Долото Адама замерло на полпути. Слова матроса странным образом отдавались в голове, как эхо. Он чувствовал, что смотрит на человека, который их произнес, щурясь и помаргивая, как будто не расслышал или слишком туп, чтобы понять. Слова отдавались в голове, как эхо всей его жизни.
— Дурак ты, говорю, круглый, — повторил человек. И поскольку Адам продолжал пялиться, добавил обиженно: — Ты ведь говоришь по-английски, а? Я слыхал, ты в тот день говорил по-английски.
Адам кивнул.
— Охота, значит, попасть в Америку? — спросил матрос.
Адам опять кивнул.
— Тем более дурак, — сказал матрос.
Но все же вынул изо рта трубку.
— Слушай, — сказал он. — Рано утром мы сделаем остановку в Касл Гарден.

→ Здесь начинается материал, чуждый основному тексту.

(* $\mathrm{Ndim}(\mathcal F_{\mathrm{aCORE}})\le4m+(8k+4)\log m+4\log(8e)=O(m+k\log m)$.
   Context: $\mathcal A=[m]$, $1\le k\le m$, $\mathcal A_k$ the set of $k$-subsets of $\mathcal A$, $\mathcal E=2^{\mathcal A}$. A profile is $P=(A_1,\dots,A_n)\in\mathcal E^n$, $n\ge1$. For $\alpha,\beta\ge0$, $\mathrm{CORE}_{(\alpha,\beta)}$ maps $P$ to the set of $W\in\mathcal A_k$ such that for every nonempty $W'\subseteq\mathcal A$, $|\{j\in[n]:|A_j\cap W'|>\alpha|A_j\cap W|\}|<\beta\frac{|W'|}{k}n$. $\mathcal F_{\mathrm{aCORE}}=\{\mathrm{CORE}_{(\alpha,\beta)}:\alpha,\beta\ge0\}$. Natarajan dimension: a finite set $\mathcal P$ of profiles is shattered by $\mathcal F$ if there are $f^0,f^1$ with $f^0(P)\ne f^1(P)$ on $\mathcal P$ such that for every $B\subseteq\mathcal P$ some $f\in\mathcal F$ equals $f^0$ on $B$ and $f^1$ on $\mathcal P\setminus B$; $\mathrm{Ndim}$ is the largest size of a shattered set. Logarithms are base 2. *)

From mathcomp Require Import all_boot.
From Stdlib Require Import Reals.
Set Implicit Arguments. Unset Strict Implicit. Unset Printing Implicit Defensive.

(* A profile (A_1,...,A_n) is a sequence of approval sets; n = size P. *)
Definition profile (m : nat) := seq {set 'I_m}.

Definition Rltb (x y : R) : bool := if Rlt_dec x y then true else false.

Definition nblock (m : nat) (alpha : R) (P : profile m) (W W' : {set 'I_m}) : nat :=
  count (fun Aj => Rltb (alpha * INR #|Aj :&: W|)%R (INR #|Aj :&: W'|)) P.

Definition CORE (m k : nat) (alpha beta : R) (P : profile m) : {set {set 'I_m}} :=
  [set W : {set 'I_m} | (#|W| == k) &&
     [forall W' : {set 'I_m}, (W' != set0) ==>
        Rltb (INR (nblock alpha P W W'))
             (beta * (INR #|W'| / INR k) * INR (size P))%R]].

(* Natarajan shattering of a finite set S of profiles (given as a duplicate-free
   list of profiles, each with n >= 1 voters) by F_aCORE = {CORE_(a,b) : a,b >= 0}. *)
Definition aCORE_shatters (m k : nat) (S : seq (profile m)) : Prop :=
  exists f0 f1 : profile m -> {set {set 'I_m}},
    (forall P, P \in S -> f0 P != f1 P) /\
    (forall B : pred (profile m),
       exists alpha beta : R, (0 <= alpha)%R /\ (0 <= beta)%R /\
         forall P, P \in S ->
           CORE k alpha beta P = if B P then f0 P else f1 P).

Definition log2 (x : R) : R := (ln x / ln 2)%R.

(* The map (alpha, beta) |-> (CORE_(alpha,beta)(P))_(P in S) takes few values.
   The number of voters blocking W through W' depends on alpha only through the
   set of pairs (x, y) in {0..m}^2 with alpha x < y; these sets form a chain,
   decreasing in alpha, so each is determined by its cardinality, one of at most
   (m+1)^2 + 1 values.  For fixed alpha, CORE_(alpha,beta)(P) grows with beta, so
   the whole family over S is determined by the sum of the |CORE_(alpha,beta)(P)|,
   one of at most |S| 2^m + 1 values.  Shattering S needs 2^|S| distinct
   families, hence 2^|S| <= ((m+1)^2 + 1)(|S| 2^m + 1), which forces
   |S| <= 4m + 8, below the stated bound. *)

From mathcomp Require Import all_boot zify.
From Stdlib Require Import Reals Lra ClassicalEpsilon.
(* restores ssrnat's [^] on nat, which importing Reals shadows *)
From mathcomp Require Import ssrnat.

Set Implicit Arguments.
Unset Strict Implicit.
Unset Printing Implicit Defensive.

Lemma RltbP (x y : R) : reflect (x < y)%R (Rltb x y).
Proof. by rewrite /Rltb; case: Rlt_dec => h; constructor. Qed.

Lemma card_set (T : finType) : #|{: {set T}}| = 2 ^ #|T|.
Proof. by rewrite -[in RHS]cardsT -card_powerset powersetT cardsT. Qed.

Lemma card_shattered_le (X Y : finType) (I V : Type)
    (h : I -> X -> V) (f0 f1 : X -> V) (code : I -> Y) :
  (forall x, f0 x <> f1 x) ->
  (forall B : {set X}, exists i, forall x, h i x = if x \in B then f0 x else f1 x) ->
  (forall i j, code i = code j -> h i =1 h j) ->
  2 ^ #|X| <= #|Y|.
Proof.
move=> f01 /choice [g gP] code_h.
have g_inj : injective (code \o g).
  move=> B1 B2 /code_h eqh; apply/setP => x; have := eqh x; rewrite !gP.
  by case: (x \in B1); case: (x \in B2) => // e; case: (f01 x); rewrite e.
by rewrite -card_set; exact: leq_card g_inj.
Qed.

Lemma eq_of_sum_card_subset (I T : finType) (A B : I -> {set T}) :
  (forall i, A i \subset B i) -> \sum_i #|A i| = \sum_i #|B i| -> A =1 B.
Proof.
move=> AB /eqP; have [_ ->] := leqif_sum (fun i (_ : true) => subset_leqif_card (AB i)).
by move=> /forall_inP BA i; apply/eqP; rewrite eqEsubset AB BA.
Qed.

Definition blocking_pairs (m : nat) (alpha : R) : {set 'I_m.+1 * 'I_m.+1} :=
  [set p : 'I_m.+1 * 'I_m.+1 | Rltb (alpha * INR p.1) (INR p.2)].

Lemma blocking_pairs_subset m (a a' : R) :
  (a <= a')%R -> blocking_pairs m a' \subset blocking_pairs m a.
Proof.
move=> aa'; apply/subsetP => p; rewrite !inE => /RltbP lt_a'; apply/RltbP.
by apply: Rle_lt_trans lt_a'; apply: Rmult_le_compat_r => //; apply: pos_INR.
Qed.

Lemma blocking_pairs_card_inj m (a a' : R) :
  #|blocking_pairs m a| = #|blocking_pairs m a'| -> blocking_pairs m a = blocking_pairs m a'.
Proof.
move=> eq_card; apply/eqP; case: (Rle_or_lt a a') => [aa' | /Rlt_le a'a].
- by rewrite eq_sym eqEcard blocking_pairs_subset // eq_card leqnn.
- by rewrite eqEcard blocking_pairs_subset // eq_card leqnn.
Qed.

Lemma nblock_blocking_pairs m (a a' : R) :
  blocking_pairs m a = blocking_pairs m a' -> forall (P : profile m) W W',
  nblock a P W W' = nblock a' P W W'.
Proof.
move=> eq_bp P W W'; apply: eq_count => Aj.
have lt_card (A : {set 'I_m}) : #|A| < m.+1 by rewrite ltnS -[m in _ <= m]card_ord max_card.
have bpE b : Rltb (b * INR #|Aj :&: W|) (INR #|Aj :&: W'|) =
             ((inord #|Aj :&: W|, inord #|Aj :&: W'|) \in blocking_pairs m b).
  by rewrite inE /= !inordK.
by rewrite !bpE eq_bp.
Qed.

Lemma CORE_blocking_pairs m k (a a' : R) :
  blocking_pairs m a = blocking_pairs m a' -> forall b (P : profile m),
  CORE k a b P = CORE k a' b P.
Proof.
move=> eq_bp b P; apply/setP => W; rewrite !inE; congr (_ && _).
by apply: eq_forallb => W'; rewrite (nblock_blocking_pairs eq_bp).
Qed.

Lemma CORE_subset m k (a b b' : R) (P : profile m) :
  (b <= b')%R -> CORE k a b P \subset CORE k a b' P.
Proof.
move=> bb'; apply/subsetP => W; rewrite !inE => /andP [-> /forallP core_b] /=.
apply/forallP => W'; apply/implyP => /(implyP (core_b W')) /RltbP lt_b; apply/RltbP.
apply: Rlt_le_trans lt_b _; apply: Rmult_le_compat_r; first exact: pos_INR.
apply: Rmult_le_compat_r => //; apply: Rmult_le_pos; first exact: pos_INR.
(* for k = 0 this relies on Rocq's convention / 0 = 0 *)
case: (k) => [|k']; first by rewrite /= Rinv_0; lra.
by apply/Rlt_le/Rinv_0_lt_compat/lt_0_INR; lia.
Qed.

Lemma CORE_eq_of_sum_card m k (X : finType) (Q : X -> profile m) (a b b' : R) :
  \sum_x #|CORE k a b (Q x)| = \sum_x #|CORE k a b' (Q x)| ->
  forall x, CORE k a b (Q x) = CORE k a b' (Q x).
Proof.
wlog bb' : b b' / (b <= b')%R => [wlog_le | ].
  case: (Rle_or_lt b b') => [|/Rlt_le b'b]; first exact: wlog_le.
  by move=> /esym /(wlog_le _ _ b'b) eqC x; rewrite eqC.
exact: (eq_of_sum_card_subset (fun x => CORE_subset k a (Q x) bb')).
Qed.

Lemma aCORE_shatters_exp2_le m k (S : seq (profile m)) :
  uniq S -> aCORE_shatters k S ->
  2 ^ size S <= (m.+1 ^ 2).+1 * (size S * 2 ^ m).+1.
Proof.
move=> uS [f0 [f1 [f01 shatS]]].
have card_S : #|{: seq_sub S}| = size S by rewrite card_seq_sub.
have lt_bp (a : R) : #|blocking_pairs m a| < (m.+1 ^ 2).+1.
  by rewrite ltnS; apply: leq_trans (max_card _) _; rewrite card_prod card_ord mulnn.
have lt_sum (a b : R) : \sum_(x : seq_sub S) #|CORE k a b (val x)| < (size S * 2 ^ m).+1.
  rewrite ltnS -card_S -sum_nat_const; apply: leq_sum => x _.
  by apply: leq_trans (max_card _) _; rewrite card_set card_ord.
pose code ab : 'I_(m.+1 ^ 2).+1 * 'I_(size S * 2 ^ m).+1 :=
  (inord #|blocking_pairs m ab.1|, inord (\sum_(x : seq_sub S) #|CORE k ab.1 ab.2 (val x)|)).
have := card_shattered_le (h := fun (ab : R * R) (x : seq_sub S) => CORE k ab.1 ab.2 (val x))
          (f0 := f0 \o val) (f1 := f1 \o val) (code := code).
rewrite card_prod !card_ord card_S; apply.
- by move=> x; apply/eqP/f01/valP.
- move=> B; have [a [b [_ [_ coreB]]]] := shatS [pred P | P \in map val (enum B)].
  by exists (a, b) => x; rewrite /= coreB ?(valP x) //= mem_map ?mem_enum //; exact: val_inj.
- move=> [a b] [a' b'] [/(congr1 val) eq_bp /(congr1 val) eq_sum] x /=.
  move: eq_bp eq_sum; rewrite /= !inordK // => /blocking_pairs_card_inj eq_bp.
  under [X in _ = X -> _]eq_bigr do rewrite -(CORE_blocking_pairs k eq_bp).
  by move=> /CORE_eq_of_sum_card ->; rewrite (CORE_blocking_pairs k eq_bp).
Qed.

Lemma exp2_le_bound m s : 2 ^ s <= (m.+1 ^ 2).+1 * (s * 2 ^ m).+1 -> s <= 4 * m + 8.
Proof.
move=> le_s; rewrite leqNgt; apply/negP => lt_s.
have [t def_s] : exists t, s = t + m + m + m + 4 by exists (s - (3 * m + 4)); lia.
have exp_s : 2 ^ s = 2 ^ t * 2 ^ m * 2 ^ m * 2 ^ m * 2 ^ 4 by rewrite -!expnD def_s.
have lt_m : m.+1 < 2 * 2 ^ m by rewrite -expnS ltn_expl.
have lt_t : t < 2 ^ t by rewrite ltn_expl.
have pos_m : 0 < 2 ^ m by rewrite expn_gt0.
have le_sq : (m.+1 ^ 2).+1 <= 4 * (2 ^ m * 2 ^ m) by nia.
have le_lin : (s * 2 ^ m).+1 <= s.+1 * 2 ^ m by rewrite mulSn; lia.
have cube_pos : 0 < 2 ^ m * 2 ^ m * 2 ^ m by rewrite !muln_gt0 pos_m.
have : 4 * 2 ^ t * (2 ^ m * 2 ^ m * 2 ^ m) <= s.+1 * (2 ^ m * 2 ^ m * 2 ^ m).
  by have := leq_trans le_s (leq_mul le_sq le_lin); rewrite exp_s; lia.
by rewrite leq_pmul2r //; lia.
Qed.

Lemma log2_pow2 n : log2 (2 ^ n) = INR n.
Proof. by rewrite /log2 ln_pow; [field; have := ln_lt_2 | ]; lra. Qed.

Lemma log2_le (x y : R) : (0 < x)%R -> (x <= y)%R -> (log2 x <= log2 y)%R.
Proof.
move=> x_gt0 [xy | <-]; last exact: Rle_refl.
apply: Rmult_le_compat_r; first by apply/Rlt_le/Rinv_0_lt_compat; have := ln_lt_2; lra.
exact/Rlt_le/ln_increasing.
Qed.

Theorem theorem12 (m k : nat) (hk1 : (1 <= k)%N) (hkm : (k <= m)%N)
  (S : seq (profile m)) (huniq : uniq S)
  (hn : forall P, P \in S -> (0 < size P)%N)
  (hsh : aCORE_shatters k S) :
  (INR (size S) <= 4 * INR m + (8 * INR k + 4) * log2 (INR m)
                   + 4 * log2 (8 * exp 1))%R.
Proof.
have /leP /le_INR := exp2_le_bound (aCORE_shatters_exp2_le huniq hsh).
rewrite plus_INR mult_INR /= => le_S.
have log2_m : (log2 (2 ^ 0) <= log2 (INR m))%R.
  by apply: log2_le => /=; [lra | apply: (le_INR 1); apply/leP; lia].
have log2_8e : (log2 (2 ^ 3) <= log2 (8 * exp 1))%R.
  by apply: log2_le => /=; have := exp_ineq1 1 R1_neq_R0; lra.
rewrite !log2_pow2 /= in log2_m log2_8e.
have := pos_INR k; nra.
Qed.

Бросим там якорь, чтобы освободиться от первой группы паразитов.
— Кого? — не понял Адам.
— Эмигрантов, — пояснил матрос. — Там, внизу, их набито штук двести пятьдесят, — он ткнул концом трубки в палубу. — Больше, чем сельдей в бочке. Но мы избавимся от них в Касл Гарден. Повышвыривают их за борт на катера, и полетят — кто кормой вперед, кто чайником, кто кувырком. И тебе бы так лететь вверх тормашками, если бы этому доброхоту Дункану не приспичило возвернуть тебя домой.
Моряк наставил трубку на Адама, сурово пресекая всякие надежды.
— Э-э, нет, — сказал он, — ты особо губешки-то не раскатывай. Они всех галочкой помечают, паразитов-то, там тебе ни в жизнь не слинять.
Матрос ненадолго впал в задумчивость. Потом снова заговорил.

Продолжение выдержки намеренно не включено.